Colonial White
For several months in 2019, the ICA invited Virginia locals to identify symbols of white-centered ideologies in their own lives. At the center of the project is a sample of the paint color “Colonial White” that Charlotte Lagarde reproduces and distributes en masse. The prompt written on the reverse of each card asks community members to submit a photograph in which the paint card appears in the foreground and a situation or object embodying coloniality and whiteness appears in the background. The white card held by each participant not only serves to draw attention to structural racism, but also asks us to consider our position within that structure.

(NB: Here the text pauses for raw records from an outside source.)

(* For $p\in[0,1]$ let $M_7(p)$ be the $7\times 7$ row-stochastic matrix $$M_7(p)=\mathbb{I}_5\oplus\begin{pmatrix}p&1-p\\ \tfrac p3&1-\tfrac p3\end{pmatrix},$$ i.e. $[M_7(p)]_{ij}=\delta_{ij}$ for $i,j\le 5$, $[M_7(p)]_{66}=p$, $[M_7(p)]_{67}=1-p$, $[M_7(p)]_{76}=p/3$, $[M_7(p)]_{77}=1-p/3$, and all other entries $0$. Then $\operatorname{rank}_{\mathrm{psd}}(M_7(p))=7$ for every $p\in(0,1]$.
   Context: The psd rank of a nonnegative $n\times m$ matrix $M$, $\operatorname{rank}_{\mathrm{psd}}(M)$, is the smallest $r$ such that there exist $r\times r$ positive semidefinite matrices $R_1,\dots,R_n$ and $C_1,\dots,C_m$ with $M_{ij}=\operatorname{Tr}(R_iC_j)$ for all $i,j$. *)

From HB Require Import structures.
From mathcomp Require Import all_boot all_order all_algebra.
From mathcomp Require Import reals.
Set Implicit Arguments. Unset Strict Implicit. Unset Printing Implicit Defensive.
Import Order.TTheory GRing.Theory Num.Theory.
Local Open Scope ring_scope.

Definition psd (R : realType) (r : nat) (A : 'M[R]_r) : Prop :=
  A^T = A /\ forall x : 'cV[R]_r, 0 <= (x^T *m A *m x) 0 0.

Definition has_psd_factorization (R : realType) (n m : nat) (M : 'M[R]_(n, m))
  (r : nat) : Prop :=
  exists (Rs : 'I_n -> 'M[R]_r) (Cs : 'I_m -> 'M[R]_r),
    (forall i, psd (Rs i)) /\ (forall j, psd (Cs j)) /\
    (forall i j, M i j = \tr (Rs i *m Cs j)).

Definition psd_rank (R : realType) (n m : nat) (M : 'M[R]_(n, m)) (r : nat)
  : Prop :=
  has_psd_factorization M r /\
  forall r', has_psd_factorization M r' -> (r <= r')%N.

(* M_7(p) = I_5 (+) [[p, 1-p], [p/3, 1-p/3]] (0-based indices 5,6) *)
Definition M7 (R : realType) (p : R) : 'M[R]_7 :=
  \matrix_(i < 7, j < 7)
    if ((i < 5)%N && (i == j :> nat)) then 1
    else if ((i == 5 :> nat) && (j == 5 :> nat)) then p
    else if ((i == 5 :> nat) && (j == 6 :> nat)) then 1 - p
    else if ((i == 6 :> nat) && (j == 5 :> nat)) then p / 3
    else if ((i == 6 :> nat) && (j == 6 :> nat)) then 1 - p / 3
    else 0.

(* A psd factorization of size r of M_7(p) has R_i C_j = 0 whenever M_ij = 0,
   since tr(AB) = 0 forces AB = 0 for psd A and B.  For a symmetric R_k, the
   entry (R_k C_l)_{ij} is the inner product of column i of R_k with column j
   of C_l.  For each k <= 5 pick a nonzero entry of R_k C_k; on the 2 x 2 block
   some 2 x 2 minor of the entries of the products R_a C_b is nonzero, for
   otherwise tr(R_6 C_6) tr(R_7 C_7) = tr(R_6 C_7) tr(R_7 C_6), contradicting
   det = 2p/3 <> 0.  The chosen columns form r x 7 matrices X, Y whose product
   X^T Y is block triangular with invertible diagonal blocks, so 7 <= r.  The
   bound 7 is attained by the diagonal factorization of a nonnegative matrix. *)

From HB Require Import structures.
From mathcomp Require Import all_boot all_order all_algebra.
From mathcomp Require Import reals ring lra.
From Stdlib Require Import Classical.
Import Order.TTheory GRing.Theory Num.Theory.
Local Open Scope ring_scope.
Set Implicit Arguments. Unset Strict Implicit. Unset Printing Implicit Defensive.

Lemma det_mx22 (R : comNzRingType) (N : 'M[R]_2) :
  \det N = N 0 0 * N 1 1 - N 0 1 * N 1 0.
Proof.
rewrite (expand_det_row _ 0) !big_ord_recl big_ord0 /cofactor !det_mx11 !mxE /=.
have [-> ->] : lift 0 0 = 1 :> 'I_2 /\ lift (lift 0 0) 0 = 0 :> 'I_2.
  by split; apply: val_inj.
by rewrite /bump /= expr0 expr1; ring.
Qed.

Lemma quad_ge0_linear_eq0 (R : realFieldType) (b q : R) :
  0 <= q -> (forall t, 0 <= 2 * t * b + t ^+ 2 * q) -> b = 0.
Proof.
move=> q_ge0 /(_ (- b / (q + 1))).
have -> : 2 * (- b / (q + 1)) * b + (- b / (q + 1)) ^+ 2 * q =
          - (b / (q + 1)) ^+ 2 * (q + 2) by field; lra.
move=> h; have u0 : b / (q + 1) = 0 by nra.
by move/eqP: u0; rewrite mulf_eq0 invr_eq0 => /orP[/eqP // | ]; lra.
Qed.

Section QuadraticForm.
Variables (R : realType) (r : nat).
Implicit Types (A B : 'M[R]_r) (x y : 'cV[R]_r).

Definition bform x A y : R := (x^T *m A *m y) 0 0.

Lemma bform_sym A x y : A^T = A -> bform x A y = bform y A x.
Proof.
move=> sA; rewrite /bform; transitivity ((x^T *m A *m y)^T 0 0).
  by rewrite [RHS]mxE.
by rewrite !trmx_mul trmxK sA mulmxA.
Qed.

Lemma bform_addZ A x y t : A^T = A ->
  bform (x + t *: y) A (x + t *: y) =
  bform x A x + 2 * t * bform y A x + t ^+ 2 * bform y A y.
Proof.
move=> sA; rewrite /bform [(x + _)^T]raddfD /= [(t *: y)^T]linearZ /=.
rewrite !(mulmxDl, mulmxDr) -!(scalemxAl, scalemxAr).
have := bform_sym x y sA; rewrite /bform.
move: (x^T *m A *m x) (y^T *m A *m x) (x^T *m A *m y) (y^T *m A *m y) => a b b' c.
by rewrite !mxE => ->; ring.
Qed.

Lemma bform_delta A k l : bform (delta_mx k 0) A (delta_mx l 0) = A k l.
Proof. by rewrite /bform trmx_delta -rowE -colE !mxE. Qed.

Lemma trace_mul_rank1 A x : \tr (A *m (x *m x^T)) = bform x A x.
Proof. by rewrite mulmxA mxtrace_mulC /bform mulmxA /mxtrace big_ord1. Qed.

Lemma dot_self_eq0 x : (x^T *m x) 0 0 = 0 -> x = 0.
Proof.
rewrite mxE => /eqP; rewrite psumr_eq0 => [/allP x0|i _]; last first.
  by rewrite mxE -expr2 sqr_ge0.
apply/matrixP => i j; rewrite (ord1 j) !mxE.
have /implyP/(_ isT) := x0 i (mem_index_enum i).
by rewrite mxE -expr2 sqrf_eq0 => /eqP.
Qed.

Lemma psd_bform_eq0 A x : psd A -> bform x A x = 0 -> A *m x = 0.
Proof.
move=> [sA qA] x0; apply: dot_self_eq0.
have -> : ((A *m x)^T *m (A *m x)) 0 0 = bform (A *m x) A x by rewrite /bform mulmxA.
apply: (quad_ge0_linear_eq0 (qA (A *m x))) => t.
by have := qA (x + t *: (A *m x)); rewrite -/(bform _ _ _) bform_addZ // x0 add0r.
Qed.

Lemma psd_diag_ge0 A k : psd A -> 0 <= A k k.
Proof. by case=> _ /(_ (delta_mx k 0)); rewrite -/(bform _ _ _) bform_delta. Qed.

Lemma psd_eq0 A : psd A -> (forall k, A k k = 0) -> A = 0.
Proof.
move=> pA diag0; apply/matrixP => i k.
have /matrixP/(_ i 0) := psd_bform_eq0 pA (etrans (bform_delta A k k) (diag0 k)).
by rewrite -colE !mxE.
Qed.

Definition diag_support A := [set k | A k k != 0].

Lemma psd_sub_rank1 A j : psd A -> 0 < A j j ->
  psd (A - (A j j)^-1 *: (col j A *m (col j A)^T)).
Proof.
move=> [sA qA] c_gt0; set c := A j j; set w := col j A.
split; first by rewrite linearB linearZ /= trmx_mul trmxK sA.
move=> x; rewrite -/(bform _ _ _); set b := bform (delta_mx j 0) A x.
have wx : (x^T *m w) 0 0 = b by rewrite /b bform_sym // /bform /w colE mulmxA.
have -> : bform x (A - c^-1 *: (w *m w^T)) x = bform x A x - c^-1 * b ^+ 2.
  rewrite -wx /bform mulmxBr mulmxBl -scalemxAr -scalemxAl.
  rewrite (_ : x^T *m (w *m w^T) *m x = (x^T *m w) *m (x^T *m w)^T); last first.
    by rewrite trmx_mul trmxK !mulmxA.
  move: (x^T *m A *m x) (x^T *m w) => a v.
  by rewrite !mxE big_ord1 !mxE expr2.
have := qA (x + (- b / c) *: delta_mx j 0).
rewrite -/(bform _ _ _) bform_addZ // bform_delta -/c.
have -> : bform x A x + 2 * (- b / c) * b + (- b / c) ^+ 2 * c =
          bform x A x - c^-1 * b ^+ 2 by field; rewrite gt_eqF.
done.
Qed.

Lemma diag_support_sub_rank1 A j : psd A -> 0 < A j j ->
  (#|diag_support (A - (A j j)^-1 *: (col j A *m (col j A)^T))| <
   #|diag_support A|)%N.
Proof.
move=> pA c_gt0; set A' := A - _.
have A'E k : A' k k = A k k - (A j j)^-1 * A k j ^+ 2.
  by rewrite !mxE big_ord1 !mxE expr2.
have sub : diag_support A' \subset diag_support A :\ j.
  apply/subsetP => k; rewrite !inE => A'k; apply/andP; split.
    apply: contraNneq A'k => ->; rewrite A'E expr2 mulrA mulVf ?mul1r ?subrr //.
    exact: lt0r_neq0.
  apply: contraNneq A'k => Akk0; rewrite eq_le psd_diag_ge0 ?andbT //.
    by rewrite A'E Akk0 sub0r oppr_le0 mulr_ge0 ?sqr_ge0 // invr_ge0 ltW.
  exact: psd_sub_rank1.
apply: leq_ltn_trans (subset_leq_card sub) _.
by rewrite [X in (_ < X)%N](cardsD1 j) inE lt0r_neq0.
Qed.

Lemma psd_sum_rank1 A : psd A -> exists s : seq 'cV[R]_r, A = \sum_(v <- s) v *m v^T.
Proof.
have [n] := ubnP #|diag_support A|; elim: n A => // n IH A.
rewrite ltnS => supp_le pA.
have [supp0 | [j]] := set_0Vmem (diag_support A).
  exists [::]; rewrite big_nil; apply: psd_eq0 => // k.
  by apply/eqP; apply: contraFT (in_set0 k) => Akk; rewrite -supp0 inE.
rewrite inE => Ajj_neq0.
have c_gt0 : 0 < A j j by rewrite lt0r Ajj_neq0 psd_diag_ge0.
set w := col j A.
have [s sE] := IH _ (leq_trans (diag_support_sub_rank1 pA c_gt0) supp_le)
                   (psd_sub_rank1 pA c_gt0).
exists ((Num.sqrt (A j j))^-1 *: w :: s); rewrite big_cons -sE.
rewrite linearZ /= -scalemxAl -scalemxAr scalerA -invfM -expr2 sqr_sqrtr ?ltW //.
by rewrite addrC subrK.
Qed.

Lemma psd_trace_mul_eq0 A B : psd A -> psd B -> \tr (A *m B) = 0 -> A *m B = 0.
Proof.
move=> pA /psd_sum_rank1[s ->].
rewrite mulmx_sumr raddf_sum /= => /eqP; rewrite psumr_eq0 => [/allP v0|v _]; last first.
  by rewrite trace_mul_rank1; case: pA => _; apply.
rewrite big_seq big1 // => v sv; rewrite mulmxA psd_bform_eq0 ?mul0mx //.
by apply/eqP; rewrite -trace_mul_rank1; apply: (implyP (v0 v sv)).
Qed.

End QuadraticForm.

Section PsdFactorization.
Variable R : realType.

Lemma psd_diag_mx n (d : 'rV[R]_n) : (forall k, 0 <= d 0 k) -> psd (diag_mx d).
Proof.
move=> d_ge0; split; first by rewrite tr_diag_mx.
move=> x; rewrite mul_mx_diag mxE sumr_ge0 // => k _; rewrite !mxE.
by rewrite mulrAC -expr2 mulr_ge0 ?sqr_ge0.
Qed.

Lemma nonneg_psd_factorization n m (M : 'M[R]_(n, m)) :
  (forall i j, 0 <= M i j) -> has_psd_factorization M m.
Proof.
move=> M_ge0; exists (fun i => diag_mx (row i M)), (fun j => diag_mx (delta_mx 0 j)).
split; [|split].
- by move=> i; apply: psd_diag_mx => k; rewrite mxE.
- by move=> j; apply: psd_diag_mx => k; rewrite mxE; case: (_ && _).
move=> i j; rewrite mulmx_diag mxtrace_diag (bigD1 j) //= big1 => [|k /negbTE kj].
  by rewrite !mxE !eqxx mulr1 addr0.
by rewrite !mxE kj mulr0.
Qed.

Definition col_pick r n (F : 'I_n -> 'M[R]_r) (c : 'I_n -> 'I_r) : 'M[R]_(r, n) :=
  \matrix_(s, k) F k s (c k).

Lemma col_pick_gram r n n' (F : 'I_n -> 'M[R]_r) (G : 'I_n' -> 'M[R]_r) ri cj :
  (forall k, (F k)^T = F k) ->
  (col_pick F ri)^T *m col_pick G cj = \matrix_(k, l) (F k *m G l) (ri k) (cj l).
Proof.
move=> sF; apply/matrixP => k l; rewrite !mxE; apply: eq_bigr => s _.
by rewrite !mxE -[F k in RHS]sF mxE.
Qed.

Lemma unitmx_gram_leq r n (X Y : 'M[R]_(r, n)) : X^T *m Y \in unitmx -> (n <= r)%N.
Proof.
move=> /mxrank_unit <-; exact: leq_trans (mxrankM_maxl _ _) (rank_leq_col _).
Qed.

Lemma trace_mul_of_rank1_minors r (P Q S T : 'M[R]_r) :
  (forall i j, P i j * Q j i = S i i * T j j) -> \tr (P *m Q) = \tr S * \tr T.
Proof.
move=> PQ; rewrite /mxtrace mulr_suml; apply: eq_bigr => i _.
by rewrite mxE mulr_sumr; apply: eq_bigr => j _.
Qed.

Lemma trace_mul_swap r (R0 R1 C0 C1 : 'M[R]_r) :
  R0^T = R0 -> R1^T = R1 -> C0^T = C0 -> C1^T = C1 ->
  \tr (R0 *m C0 *m (R1 *m C1)) = \tr (R0 *m C1 *m (R1 *m C0)).
Proof.
move=> s0 s1 t0 t1.
by rewrite -mxtrace_tr !trmx_mul s0 s1 t0 t1 !mulmxA mxtrace_mulC !mulmxA.
Qed.

Lemma exists_product_minor_neq0 r (Rf Cf : 'I_2 -> 'M[R]_r) :
  (forall a, (Rf a)^T = Rf a) -> (forall b, (Cf b)^T = Cf b) ->
  \det (\matrix_(a, b) \tr (Rf a *m Cf b)) != 0 ->
  exists (a b : 'I_2 -> 'I_2) (ri cj : 'I_2 -> 'I_r),
    \det (\matrix_(s, t) (Rf (a s) *m Cf (b t)) (ri s) (cj t)) != 0.
Proof.
move=> sR sC det_neq0; apply: NNPP => no_minor.
pose P a b := Rf a *m Cf b.
have minor0 a a' b b' i i' j j' :
    P a b i j * P a' b' i' j' = P a b' i j' * P a' b i' j.
  apply/eqP; rewrite -subr_eq0; apply/negPn/negP => minor_neq0; apply: no_minor.
  exists (fun s => if s == 0 then a else a'), (fun t => if t == 0 then b else b').
  exists (fun s => if s == 0 then i else i'), (fun t => if t == 0 then j else j').
  by rewrite det_mx22 !(@mxE _ _ _ matrix_key).
have e1 : \tr (P 0 0 *m P 1 1) = \tr (P 0 1) * \tr (P 1 0).
  by apply: trace_mul_of_rank1_minors => i j; apply: minor0.
have e2 : \tr (P 0 1 *m P 1 0) = \tr (P 0 0) * \tr (P 1 1).
  by apply: trace_mul_of_rank1_minors => i j; apply: minor0.
move: det_neq0; rewrite det_mx22 !(@mxE _ _ _ matrix_key).
rewrite -/(P 0 0) -/(P 1 1) -/(P 0 1) -/(P 1 0).
by rewrite -e1 -e2 trace_mul_swap ?subrr ?eqxx.
Qed.

Lemma block_psd_factorization_size m r (d : 'rV[R]_m) (U : 'M[R]_(m, 2))
    (B : 'M[R]_2) (Rs Cs : 'I_(m + 2) -> 'M[R]_r) :
  (forall k, d 0 k != 0) -> \det B != 0 ->
  (forall i, psd (Rs i)) -> (forall j, psd (Cs j)) ->
  (forall i j, block_mx (diag_mx d) U 0 B i j = \tr (Rs i *m Cs j)) ->
  (m + 2 <= r)%N.
Proof.
move=> d_neq0 detB psdR psdC factM.
have sR i : (Rs i)^T = Rs i by case: (psdR i).
have sC j : (Cs j)^T = Cs j by case: (psdC j).
have prod0 i j : block_mx (diag_mx d) U 0 B i j = 0 -> Rs i *m Cs j = 0.
  by rewrite factM; apply: psd_trace_mul_eq0.
pose Rl k := Rs (lshift 2 k); pose Cl k := Cs (lshift 2 k).
pose Rr a := Rs (rshift m a); pose Cr b := Cs (rshift m b).
have /fin_all_exists[f f_neq0] :
    forall k, exists ij : 'I_r * 'I_r, (Rl k *m Cl k) ij.1 ij.2 != 0.
  move=> k; have /matrix0Pn[i [j ij]] : Rl k *m Cl k != 0.
    apply: contraNneq (d_neq0 k) => prod_eq0.
    have := factM (lshift 2 k) (lshift 2 k); rewrite block_mxEul mxE eqxx mulr1n => ->.
    by rewrite -/(Rl k) -/(Cl k) prod_eq0 linear0.
  by exists (i, j).
have detB' : \det (\matrix_(a, b) \tr (Rr a *m Cr b)) != 0.
  rewrite (_ : \matrix_(a, b) _ = B) //.
  by apply/matrixP => a b; rewrite mxE -factM block_mxEdr.
have [a [b [ri [cj minor]]]] :=
  exists_product_minor_neq0 (fun a => sR (rshift m a)) (fun b => sC (rshift m b)) detB'.
pose X := row_mx (col_pick Rl (fun k => (f k).1)) (col_pick (Rr \o a) ri).
pose Y := row_mx (col_pick Cl (fun k => (f k).2)) (col_pick (Cr \o b) cj).
apply: (@unitmx_gram_leq r (m + 2) X Y).
rewrite tr_row_mx mul_col_row !col_pick_gram; try by move=> ?; apply: sR.
have lower0 : \matrix_(k, l) ((Rr \o a) k *m Cl l) (ri k) (f l).2 = 0.
  apply/matrixP => s l; rewrite (@mxE _ _ _ matrix_key) [RHS]mxE /=.
  by rewrite prod0 ?block_mxEdl mxE.
have diag : \matrix_(k, l) (Rl k *m Cl l) (f k).1 (f l).2 =
            diag_mx (\row_k (Rl k *m Cl k) (f k).1 (f k).2).
  apply/matrixP => k l; rewrite [RHS]mxE !(@mxE _ _ _ matrix_key).
  have [<-|kl] := eqVneq k l; first by rewrite mulr1n.
  by rewrite mulr0n prod0 ?block_mxEul mxE // (negbTE kl) mulr0n.
rewrite lower0 unitmxE det_ublock unitfE mulf_neq0 // diag det_diag.
by apply/prodf_neq0 => k _; rewrite mxE.
Qed.

End PsdFactorization.

Section M7.
Variables (R : realType) (p : R).

Lemma M7_block : M7 p = block_mx (diag_mx (const_mx 1)) (ursubmx (M7 p : 'M_(5 + 2)))
                                  0 (drsubmx (M7 p : 'M_(5 + 2))).
Proof.
have ul : ulsubmx (M7 p : 'M_(5 + 2)) = diag_mx (const_mx 1).
  apply/matrixP => i j; rewrite !mxE.
  by case: i => [[|[|[|[|[|?]]]]] ?] //; case: j => [[|[|[|[|[|?]]]]] ?].
have dl : dlsubmx (M7 p : 'M_(5 + 2)) = 0.
  apply/matrixP => i j; rewrite !mxE.
  by case: i => [[|[|?]] ?] //; case: j => [[|[|[|[|[|?]]]]] ?].
by rewrite -ul -dl submxK.
Qed.

Lemma det_M7_block : \det (drsubmx (M7 p : 'M_(5 + 2))) = 2 * p / 3.
Proof. by rewrite det_mx22 !mxE /=; field. Qed.

Lemma M7_ge0 i j : 0 <= p -> p <= 1 -> 0 <= M7 p i j.
Proof.
move=> p_ge0 p_le1; rewrite mxE.
by repeat case: ifP => _; rewrite ?ler01 // ?subr_ge0; lra.
Qed.
End M7.

Theorem lemma4 (R : realType) (p : R) :
  0 < p -> p <= 1 -> psd_rank (M7 p) 7.
Proof.
move=> p_gt0 p_le1; split.
  exact: nonneg_psd_factorization (fun i j => M7_ge0 i j (ltW p_gt0) p_le1).
move=> r [Rs [Cs [psdR [psdC factM]]]]; rewrite M7_block in factM.
apply: (block_psd_factorization_size (m := 5) _ _ psdR psdC factM).
  by move=> k; rewrite mxE oner_eq0.
by rewrite det_M7_block !mulf_neq0 ?invr_eq0 ?gt_eqF ?pnatr_eq0.
Qed.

This collaboration between artist, institution, and community members invites all of us to imagine how colonialism continues to impact our relationship to people, places, and things
Lagarde realized earlier versions of this project in other states. For this new iteration, submissions captured nuanced interpretations of white-centered dominance across Virginia. From beauty products to monuments, the submissions address white beauty ideals, religion, gentrification, education, and business. They also track a Richmond landscape in which histories of colonialism are reflected not only in monuments, but also in mundane everyday examples of the force of white privilege. 400 years after the arrival of the first enslaved Africans to Virginia, this project reckons with the persistence of white cultural and economic dominance embedded in our contemporary landscape.
This project is ongoing and we encourage visitors to visit the ICA to collect a paint card.